The project uses **aggregated public reporting data**, not individual student records or personally identifiable information.

---

## Technology Stack

| Tool | Application |
| -------------------- | --------------------------------------------------------------------------------------------------------- |
| **R** | File inventory, data cleaning, table combination, validation, reporting figures, and scorecard generation |
| **PostgreSQL / SQL** | Exploratory queries, reusable reporting views, and dashboard-ready KPI tables |
| **Tableau** | Executive dashboard development |
| **CSV outputs** | File inventory and processed reporting exports |
| **PNG outputs** | Portfolio-ready scorecards, figures, dashboard previews, and executive memo |

---

## Reporting Workflow

```text
Raw NCES/IPEDS Reporting Workbooks

File Inventory and Coverage Review

R Cleaning and Standardization

Data Quality and Validation Checks

Combined Reporting Tables

PostgreSQL Reporting Views

Tableau Dashboard + Reporting Figures

Executive Memo + Quality Scorecards
```

### Validation Checks Demonstrated

The pipeline includes checks for:

* Expected workbook availability
* Duplicate dataset-year workbooks
* Unreadable source workbooks
* Duplicate combined reporting records
* Numeric missingness and coded missing values
* Invalid negative numeric values
* Rates outside the valid 0–100% range
* Awards demographic reconciliation
* Enrollment demographic and status reconciliation
* Financial-aid net-price reconciliation
* Retention-rate reconciliation

---

## Key Results

| Reporting Metric | Result |
| -------------------------------------------- | ----------------------: |
| Reporting tables processed | 6 |
| Aggregated reporting rows processed | 1,177 |
| Reporting years covered | 2018–19 through 2023–24 |
| Combined numeric cells evaluated | 12,404 |
| Combined numeric cells coded missing | 220 |
| Combined numeric missingness rate | 1.8% |
| Duplicate combined records identified | 0 |
| Invalid negative values identified | 0 |
| Out-of-range rate values identified | 0 |
| Raw published data cells evaluated | 12,164 |
| Missing expected raw workbooks | 0 |
| Unreadable raw workbooks | 0 |
| Reconciliation failures in validation checks | 0 |

---

## Skills Demonstrated

This project demonstrates experience relevant to institutional research, university analytics, and reporting analyst positions:

* Creating a reproducible reporting workflow across multiple public data sources
* Cleaning, standardizing, and combining higher-education reporting tables
* Developing SQL reporting views for dashboard-ready measures
* Designing automated data-quality and reconciliation checks
* Identifying missingness and documenting reporting limitations
* Producing stakeholder-facing dashboards and executive summaries
* Communicating technical results to nontechnical audiences
* Organizing code, data, outputs, and documentation for reproducibility

---

## Reporting Limitations

* The project uses aggregated public reporting data rather than student-level administrative records.
* Reporting availability varies by metric and academic year.
* Some missing subgroup values were retained as documented data-quality findings and excluded from affected calculations.
* The dashboard preview presents selected KPIs for an executive overview, while other reporting outputs summarize the broader available reporting window.
* Results are descriptive reporting indicators and should not be interpreted as causal findings.

---

## Portfolio Takeaway

This project is not only an analysis of higher-education data.
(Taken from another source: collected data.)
(* For all positive integers $r$ and $m$, there exist infinitely many primes $p$ such that $pm$ is a Schemmel nontotient number of order $r$, i.e. $pm\notin S_r(\mathbb{N})$.
   Context: For a positive integer $r$, the $r$-th Schemmel totient function $S_r:\mathbb{N}\to\mathbb{N}_0$ is the multiplicative arithmetic function (so $S_r(1)=1$ and $S_r(ab)=S_r(a)S_r(b)$ for coprime $a,b$) defined on prime powers by $S_r(p^{\alpha})=0$ if $p\le r$ and $S_r(p^\alpha)=p^{\alpha-1}(p-r)$ if $p>r$, for all primes $p$ and positive integers $\alpha$. A Schemmel nontotient number of order $r$ is a positive integer not in the range of $S_r$; $G_r$ denotes the set of these. *)

From mathcomp Require Import all_boot.
Set Implicit Arguments. Unset Strict Implicit. Unset Printing Implicit Defensive.

Definition schemmel (r n : nat) : nat :=
  \prod_(p <- primes n)
     (if p <= r then 0 else p ^ (logn p n).-1 * (p - r)).

Definition schemmel_nontotient (r m : nat) : Prop :=
  0 < m /\ forall n, 0 < n -> schemmel r n <> m.

From mathcomp Require Import all_boot all_algebra all_field zify.
Set Implicit Arguments. Unset Strict Implicit. Unset Printing Implicit Defensive.

(* Choose a prime p > m + r with (m + r)! dividing p - 1; such primes are
   unbounded because any prime factor q of Phi_n(a), for a divisible by
   (N + n)!, exceeds N + n, so a is a primitive n-th root of unity mod q.
   If S_r(n) = p m, then p divides some factor q^(k-1) (q - r) with q | n
   prime and q > r.  Either p = q and k >= 2, so p (p - r) divides p m,
   impossible as p > m + r; or q = d p + r with d | m, and then q is
   divisible by d + r since d + r divides p - 1, contradicting primality. *)

Section CyclotomicPrimes.
Import GRing.Theory.
Local Open Scope ring_scope.

Lemma Cyclotomic_dvd_Xn_sub1 n : (0 < n)%N ->
  exists h : {poly int}, 'X^n - 1 = 'Phi_n * h.
Proof.
move=> n_gt0; rewrite -(prod_Cyclotomic n_gt0) (bigD1_seq n) ?divisors_uniq //.
  by eexists.
by rewrite -dvdn_divisors.
Qed.

Lemma Xn_sub1_Cyclotomic_factor n e : (0 < e)%N -> (e %| n)%N -> (e < n)%N ->
  exists h : {poly int}, 'X^n - 1 = 'Phi_n * ('X^e - 1) * h.
Proof.
move=> e_gt0 en lt_en.
have n_gt0 : (0 < n)%N by apply: leq_trans e_gt0 (ltnW lt_en).
rewrite -(prod_Cyclotomic n_gt0) -(prod_Cyclotomic e_gt0).
rewrite (bigID (fun d => d %| e)%N) /=.
have -> : \prod_(d <- divisors n | (d %| e)%N) 'Phi_d = \prod_(d <- divisors e) 'Phi_d.
  rewrite -big_filter; apply: perm_big; apply: uniq_perm.
  - by rewrite filter_uniq // divisors_uniq.
  - exact: divisors_uniq.
  move=> d; rewrite mem_filter -!dvdn_divisors //.
  by apply/andP/idP => [[]//|de]; split => //; apply: dvdn_trans de en.
set A := \prod_(d <- divisors e) 'Phi_d.
rewrite -big_filter (bigD1_seq n); last by rewrite filter_uniq // divisors_uniq.
  by eexists; rewrite mulrCA mulrA.
rewrite mem_filter -dvdn_divisors // dvdnn andbT.
by apply/negP => /(dvdn_leq e_gt0); rewrite leqNgt lt_en.
Qed.

Lemma map_Xn_sub1 (R : nzRingType) n :
  map_poly (intr : int -> R) ('X^n - 1) = 'X^n - 1.
Proof. by rewrite rmorphB rmorph1 rmorphXn /= map_polyX. Qed.

Lemma Cyclotomic_root_expn1 (R : comNzRingType) n (x : R) :
  (0 < n)%N -> root (map_poly intr 'Phi_n) x -> x ^+ n = 1.
Proof.
move=> n_gt0 /rootP root_x; have [h eqh] := Cyclotomic_dvd_Xn_sub1 n_gt0.
have := congr1 (fun P => (map_poly (intr : int -> R) P).[x]) eqh.
rewrite /= map_Xn_sub1 rmorphM hornerM root_x mul0r !hornerE.
by move/eqP; rewrite subr_eq0 => /eqP.
Qed.

(* Over a field where [n] is invertible, [X^n - 1] is separable, so a root of
   [Phi_n] cannot also be a root of [X^e - 1] for a proper divisor [e] of [n]. *)
Lemma Cyclotomic_root_prim_root (F : fieldType) n (x : F) :
  (0 < n)%N -> n%:R != 0 :> F -> root (map_poly intr 'Phi_n) x ->
  n.-primitive_root x.
Proof.
move=> n_gt0 nF0 root_x.
have [e prim_e e_dvd_n] := prim_order_exists n_gt0 (Cyclotomic_root_expn1 n_gt0 root_x).
have [<- //|ne_en] := eqVneq e n.
have e_gt0 := prim_order_gt0 prim_e.
have lt_en : (e < n)%N by rewrite ltn_neqAle ne_en dvdn_leq.
have [h eqh] := Xn_sub1_Cyclotomic_factor e_gt0 e_dvd_n lt_en.
have dvd_phi : ('X - x%:P) %| map_poly intr 'Phi_n by rewrite dvdp_XsubCl.
have dvd_Xe : ('X - x%:P) %| map_poly intr ('X^e - 1).
  by rewrite map_Xn_sub1 dvdp_XsubCl /root !hornerE (prim_expr_order prim_e) subrr.
have := @separable_nosquare _ _ ('X - x%:P) 2 (separable_Xn_sub_1 nF0) isT.
rewrite size_XsubC => /(_ isT); rewrite -(map_Xn_sub1 F n) eqh !rmorphM expr2.
by rewrite (dvdp_mulr _ (dvdp_mul dvd_phi dvd_Xe)).
Qed.

Lemma prim_root_dvd_card_pred (F : finFieldType) n (z : F) :
  n.-primitive_root z -> (n %| #|F|.-1)%N.
Proof.
move=> prim_z; rewrite (prim_order_dvd prim_z).
have z_neq0 : z != 0 by rewrite (prim_root_eq0 prim_z) -lt0n (prim_order_gt0 prim_z).
have := expf_card z; rewrite -(ltn_predK (finNzRing_gt1 F)) exprS.
by rewrite -[X in _ = X]mulr1 => /(mulfI z_neq0) ->.
Qed.

(* [Phi_n] times [Phi_n - 1] times [Phi_n + 1] is a nonzero polynomial, so it
   cannot vanish at every multiple of [M] below [M * size]. *)
Lemma Cyclotomic_value_gt1 n M : (0 < n)%N -> (0 < M)%N ->
  exists2 a : nat, (M %| a)%N & (1 < `|('Phi_n).[a%:Z]|)%N.
Proof.
move=> n_gt0 M_gt0.
set P := 'Phi_n * ('Phi_n - 1) * ('Phi_n + 1).
have sz : (1 < size 'Phi_n)%N by rewrite size_Cyclotomic ltnS totient_gt0.
have P_neq0 : P != 0.
  have neq_const c : 'Phi_n != c%:P.
    by apply: contraTneq sz => ->; rewrite ltnNge size_polyC leq_b1.
  rewrite !mulf_neq0 // ?subr_eq0 ?addr_eq0.
  - by have := neq_const 0; rewrite polyC0.
  - by have := neq_const 1; rewrite polyC1.
  - by have := neq_const (-1); rewrite polyCN polyC1.
set rs := [seq (M * i.+1)%N%:Z | i <- iota 0 (size P)].
have rs_uniq : uniq rs.
  rewrite map_inj_uniq ?iota_uniq // => i j /eqP; rewrite eqz_nat.
  by rewrite eqn_pmul2l // => /eqP [].
have : ~~ all (root P) rs.
  apply/negP => all_root; have := max_poly_roots P_neq0 all_root rs_uniq.
  by rewrite size_map size_iota ltnn.
case/allPn => _ /mapP[i _ ->] notroot; exists (M * i.+1)%N; first exact: dvdn_mulr.
move: notroot; rewrite /root /P !hornerE.
by case: ('Phi_n).[_] => [[|[|k]]|[|k]].
Qed.

Lemma exists_prime_gt_one_mod n N : (0 < n)%N ->
  exists q, (N < q)%N /\ prime q /\ (n %| q.-1)%N.
Proof.
move=> n_gt0.
have [a fact_dvd_a Phi_a_gt1] := Cyclotomic_value_gt1 n_gt0 (fact_gt0 (N + n)).
set q := pdiv `|('Phi_n).[a%:Z]|; have q_prime : prime q := pdiv_prime Phi_a_gt1.
have charFq := pchar_Fp q_prime.
have root_a : root (map_poly intr 'Phi_n) (a%:R : 'F_q).
  rewrite /root pmulrn horner_map /= -(dvdz_pcharf charFq); exact: pdiv_dvd.
have a_expn := Cyclotomic_root_expn1 n_gt0 root_a.
have lt_q : (N + n < q)%N.
  rewrite ltnNge; apply/negP => le_q; move: a_expn.
  have /eqP -> : (a%:R : 'F_q) == 0.
    rewrite -(dvdn_pcharf charFq); apply: dvdn_trans fact_dvd_a.
    by rewrite dvdn_fact // prime_gt0.
  by rewrite expr0n gtn_eqF // => /esym/eqP; rewrite oner_eq0.
have nF : n%:R != 0 :> 'F_q.
  by rewrite -(dvdn_pcharf charFq); apply: contraTN lt_q => /(dvdn_leq n_gt0); lia.
exists q; split; first by lia.
split => //; rewrite -(card_Fp q_prime).
exact: prim_root_dvd_card_pred (Cyclotomic_root_prim_root n_gt0 nF root_a).
Qed.

End CyclotomicPrimes.

Definition schemmel_factor r n p :=
  if p <= r then 0 else p ^ (logn p n).-1 * (p - r).

Lemma schemmel_factor_dvd r n q :
  q \in primes n -> schemmel_factor r n q %| schemmel r n.
Proof.
by move=> qn; rewrite /schemmel (bigD1_seq q) ?primes_uniq //= dvdn_mulr.
Qed.

Lemma prime_dvd_schemmel r n p : prime p -> p %| schemmel r n ->
  exists2 q, q \in primes n & p %| schemmel_factor r n q.
Proof.
by move=> p_prime; rewrite /schemmel (Euclid_dvd_prod _ _ _ p_prime) big_has => /hasP.
Qed.

(* [d * p + r = d * (p - 1) + (d + r)] *)
Lemma mul_add_not_prime d r p : 0 < d -> 0 < r -> 1 < p ->
  d + r %| p.-1 -> ~~ prime (d * p + r).
Proof.
move=> d_gt0 r_gt0 p_gt1 /dvdnP[t eq_pred].
have eq_p : p = t * (d + r) + 1 by rewrite -eq_pred addn1 prednK // ltnW.
have dvd_q : d + r %| d * p + r.
  by apply/dvdnP; exists (d * t + 1); rewrite {1}eq_p; lia.
apply/negP => /primeP[_ /(_ _ dvd_q)] /orP[] /eqP; nia.
Qed.

Lemma schemmel_neq_prime_mul r m p n : 0 < r -> 0 < m -> prime p ->
  m + r < p -> (m + r)`! %| p.-1 -> schemmel r n != p * m.
Proof.
move=> r_gt0 m_gt0 p_prime lt_p fact_dvd; apply/eqP => eqS.
have pm_gt0 : 0 < p * m by rewrite muln_gt0 prime_gt0.
have p_dvd_S : p %| schemmel r n by rewrite eqS dvdn_mulr.
have [q qn p_dvd] := prime_dvd_schemmel p_prime p_dvd_S.
have fq_dvd : schemmel_factor r n q %| p * m by rewrite -eqS schemmel_factor_dvd.
have q_prime : prime q by move: qn; rewrite mem_primes => /andP[].
have lt_rq : r < q.
  by rewrite ltnNge; apply: contraTN fq_dvd => le_qr; rewrite /schemmel_factor le_qr dvd0n -lt0n.
move: fq_dvd p_dvd; rewrite /schemmel_factor leqNgt lt_rq /= (Euclid_dvdM _ _ p_prime).
move=> fq_dvd /orP[].
  rewrite Euclid_dvdX // dvdn_prime2 // => /andP[/eqP eq_pq logn_gt1]; subst q.
  have : p * (p - r) %| p * m.
    apply: dvdn_trans fq_dvd; apply: dvdn_mul => //.
    by rewrite -(prednK logn_gt1) expnS dvdn_mulr.
  by rewrite dvdn_pmul2l ?prime_gt0 // => /(dvdn_leq m_gt0); lia.
move=> /dvdnP[d eq_qr].
have d_gt0 : 0 < d by move: eq_qr; case: d => //= h; lia.
have d_dvd_m : d %| m.
  rewrite -(dvdn_pmul2l (prime_gt0 p_prime)); apply: dvdn_trans fq_dvd.
  by rewrite mulnC -eq_qr dvdn_mull.
have dr_dvd : d + r %| p.-1.
  apply: dvdn_trans fact_dvd; apply: dvdn_fact; have := dvdn_leq m_gt0 d_dvd_m; lia.
have eq_q : q = d * p + r by rewrite -eq_qr subnK // ltnW.
have := mul_add_not_prime d_gt0 r_gt0 (prime_gt1 p_prime) dr_dvd.
by rewrite -eq_q q_prime.
Qed.

Theorem theorem1p1 (r m : nat) (hr : 0 < r) (hm : 0 < m) :
  forall N : nat, exists p : nat, N < p /\ prime p /\ schemmel_nontotient r (p * m).
Proof.
move=> N.
have [p [lt_Np [p_prime fact_dvd]]] :=
  exists_prime_gt_one_mod (N + m + r) (fact_gt0 (m + r)).
exists p; split; first by lia.
split=> //; split; first by rewrite muln_gt0 prime_gt0.
move=> n _; apply/eqP; apply: schemmel_neq_prime_mul => //; lia.
Qed.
It is a small reporting system designed to demonstrate how recurring institutional questions can be answered through:

* Structured source-data management
* Repeatable cleaning and validation
* SQL-based reporting logic
* Executive-facing dashboards
* Transparent data-quality documentation
* Clear communication of findings and limitations

The final deliverables show the full workflow from public reporting files to decision-ready metrics.

---

## License

See the repository `LICENSE` file for usage terms.